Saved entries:

(* Let $k\ge1$. For a coloring matrix $A$, let $\widehat{A}$ (the blowup of $A$) be the block matrix obtained by replacing every entry $1$ of $A$ by the $k\times k$ all-ones matrix and every entry $0$ by the $k\times k$ all-zeros matrix. If $A$ and $B$ are tree coloring equivalent, then so are $\widehat{A}$ and $\widehat{B}$; and if $A$ and $B$ are strictly tree coloring equivalent, then so are $\widehat{A}$ and $\widehat{B}$. Moreover, $t_{\widehat{A}}(n)=k^n t_A(n)$ for all $n\ge1$.
   Context: A plane tree is an unlabeled rooted tree in which the children of every vertex are linearly ordered. A coloring matrix is an $m\times m$ matrix $A=(a_{ij})$ with entries in $\{0,1\}$. An $A$-coloring of a plane tree assigns to each vertex a color in $\{1,\dots,m\}$ such that whenever a vertex of color $j$ is a child of a vertex of color $i$, $a_{ij}=1$. Let $t_A(n)$ be the number of pairs (plane tree with $n$ vertices, $A$-coloring of it) and $t_A^{(i)}(n)$ the number of those with root color $i$. Two coloring matrices $A,B$ of the same size are tree coloring equivalent if $t_A(n)=t_B(n)$ for all $n\ge1$, and strictly tree coloring equivalent if $t_A^{(i)}(n)=t_B^{(i)}(n)$ for all $n\ge1$ and all $i$. *)

From Stdlib Require Import List.
From mathcomp Require Import all_boot all_order all_algebra.
Set Implicit Arguments. Unset Strict Implicit. Unset Printing Implicit Defensive.

Inductive ptree : Type := PNode of seq ptree.

Fixpoint nverts (t : ptree) : nat :=
  let: PNode ts := t in (sumn (map nverts ts)).+1.

(* A plane tree together with a coloring of its vertices by colors in 'I_m
   (color 1..m of the paper is 'I_m here). *)
Inductive ctree (m : nat) : Type := CNode of 'I_m & seq (ctree m).

Definition croot (m : nat) (c : ctree m) : 'I_m := let: CNode i _ := c in i.

Fixpoint shape (m : nat) (c : ctree m) : ptree :=
  let: CNode _ cs := c in PNode (map (@shape m) cs).
(* A topological group $G$ is metrizable if and only if $G$ is a Fréchet–Urysohn $\aleph$-space.
   Context: A $k$-network in $X$ is a family $\mathcal N$ of subsets such that whenever $K\subset U$ with $K$ compact and $U$ open, there is a finite $\mathcal F\subset\mathcal N$ with $K\subset\bigcup\mathcal F\subset U$; an $\aleph$-space is a regular space with a $\sigma$-locally finite $k$-network. *)

From Stdlib Require Import Reals List.
Open Scope R_scope.

Definition set (X : Type) := X -> Prop.

Record topology (X : Type) := Topology {
  open : set X -> Prop;
  open_full : open (fun _ => True);
  open_inter : forall U V, open U -> open V -> open (fun x => U x /\ V x);
  open_union : forall F : set X -> Prop,
    (forall U, F U -> open U) -> open (fun x => exists U, F U /\ U x)
}.
Arguments open {X} t U.

Section Topo.
Context {X : Type} (T : topology X).

Definition closure (A : set X) : set X :=
  fun x => forall U, open T U -> U x -> exists y, U y /\ A y.

Definition converges (s : nat -> X) (x : X) : Prop :=
  forall U, open T U -> U x -> exists N, forall n, (N <= n)%nat -> U (s n).

Definition frechet_urysohn : Prop :=
  forall (A : set X) (x : X), closure A x ->
    exists s : nat -> X, (forall n, A (s n)) /\ converges s x.

Definition compact (K : set X) : Prop :=
  forall F : set X -> Prop, (forall U, F U -> open T U) ->
    (forall x, K x -> exists U, F U /\ U x) ->
    exists l : list (set X), (forall U, In U l -> F U) /\
      (forall x, K x -> exists U, In U l /\ U x).

Definition k_network (N : set X -> Prop) : Prop :=
  forall K U : set X, compact K -> open T U -> (forall x, K x -> U x) ->
    exists l : list (set X), (forall A, In A l -> N A) /\
      (forall x, K x -> exists A, In A l /\ A x) /\
      (forall A, In A l -> forall x, A x -> U x).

> _Problem description_: From the first line to the last, copy the records without alteration.

> _Response area_:
(* Let $k\ge1$. For a coloring matrix $A$, let $\widehat{A}$ (the blowup of $A$) be the block matrix obtained by replacing every entry $1$ of $A$ by the $k\times k$ all-ones matrix and every entry $0$ by the $k\times k$ all-zeros matrix. If $A$ and $B$ are tree coloring equivalent, then so are $\widehat{A}$ and $\widehat{B}$; and if $A$ and $B$ are strictly tree coloring equivalent, then so are $\widehat{A}$ and $\widehat{B}$. Moreover, $t_{\widehat{A}}(n)=k^n t_A(n)$ for all $n\ge1$.
   Context: A plane tree is an unlabeled rooted tree in which the children of every vertex are linearly ordered. A coloring matrix is an $m\times m$ matrix $A=(a_{ij})$ with entries in $\{0,1\}$. An $A$-coloring of a plane tree assigns to each vertex a color in $\{1,\dots,m\}$ such that whenever a vertex of color $j$ is a child of a vertex of color $i$, $a_{ij}=1$. Let $t_A(n)$ be the number of pairs (plane tree with $n$ vertices, $A$-coloring of it) and $t_A^{(i)}(n)$ the number of those with root color $i$. Two coloring matrices $A,B$ of the same size are tree coloring equivalent if $t_A(n)=t_B(n)$ for all $n\ge1$, and strictly tree coloring equivalent if $t_A^{(i)}(n)=t_B^{(i)}(n)$ for all $n\ge1$ and all $i$. *)

From Stdlib Require Import List.
From mathcomp Require Import all_boot all_order all_algebra.
Set Implicit Arguments. Unset Strict Implicit. Unset Printing Implicit Defensive.

Inductive ptree : Type := PNode of seq ptree.

Fixpoint nverts (t : ptree) : nat :=
  let: PNode ts := t in (sumn (map nverts ts)).+1.

(* A plane tree together with a coloring of its vertices by colors in 'I_m
   (color 1..m of the paper is 'I_m here). *)
Inductive ctree (m : nat) : Type := CNode of 'I_m & seq (ctree m).

Definition croot (m : nat) (c : ctree m) : 'I_m := let: CNode i _ := c in i.

Fixpoint shape (m : nat) (c : ctree m) : ptree :=
  let: CNode _ cs := c in PNode (map (@shape m) cs).
(* A topological group $G$ is metrizable if and only if $G$ is a Fréchet–Urysohn $\aleph$-space.
   Context: A $k$-network in $X$ is a family $\mathcal N$ of subsets such that whenever $K\subset U$ with $K$ compact and $U$ open, there is a finite $\mathcal F\subset\mathcal N$ with $K\subset\bigcup\mathcal F\subset U$; an $\aleph$-space is a regular space with a $\sigma$-locally finite $k$-network. *)

From Stdlib Require Import Reals List.
Open Scope R_scope.

Definition set (X : Type) := X -> Prop.

Record topology (X : Type) := Topology {
  open : set X -> Prop;
  open_full : open (fun _ => True);
  open_inter : forall U V, open U -> open V -> open (fun x => U x /\ V x);
  open_union : forall F : set X -> Prop,
    (forall U, F U -> open U) -> open (fun x => exists U, F U /\ U x)
}.
Arguments open {X} t U.

Section Topo.
Context {X : Type} (T : topology X).

Definition closure (A : set X) : set X :=
  fun x => forall U, open T U -> U x -> exists y, U y /\ A y.

Definition converges (s : nat -> X) (x : X) : Prop :=
  forall U, open T U -> U x -> exists N, forall n, (N <= n)%nat -> U (s n).

Definition frechet_urysohn : Prop :=
  forall (A : set X) (x : X), closure A x ->
    exists s : nat -> X, (forall n, A (s n)) /\ converges s x.

Definition compact (K : set X) : Prop :=
  forall F : set X -> Prop, (forall U, F U -> open T U) ->
    (forall x, K x -> exists U, F U /\ U x) ->
    exists l : list (set X), (forall U, In U l -> F U) /\
      (forall x, K x -> exists U, In U l /\ U x).

Definition k_network (N : set X -> Prop) : Prop :=
  forall K U : set X, compact K -> open T U -> (forall x, K x -> U x) ->
    exists l : list (set X), (forall A, In A l -> N A) /\
      (forall x, K x -> exists A, In A l /\ A x) /\
      (forall A, In A l -> forall x, A x -> U x).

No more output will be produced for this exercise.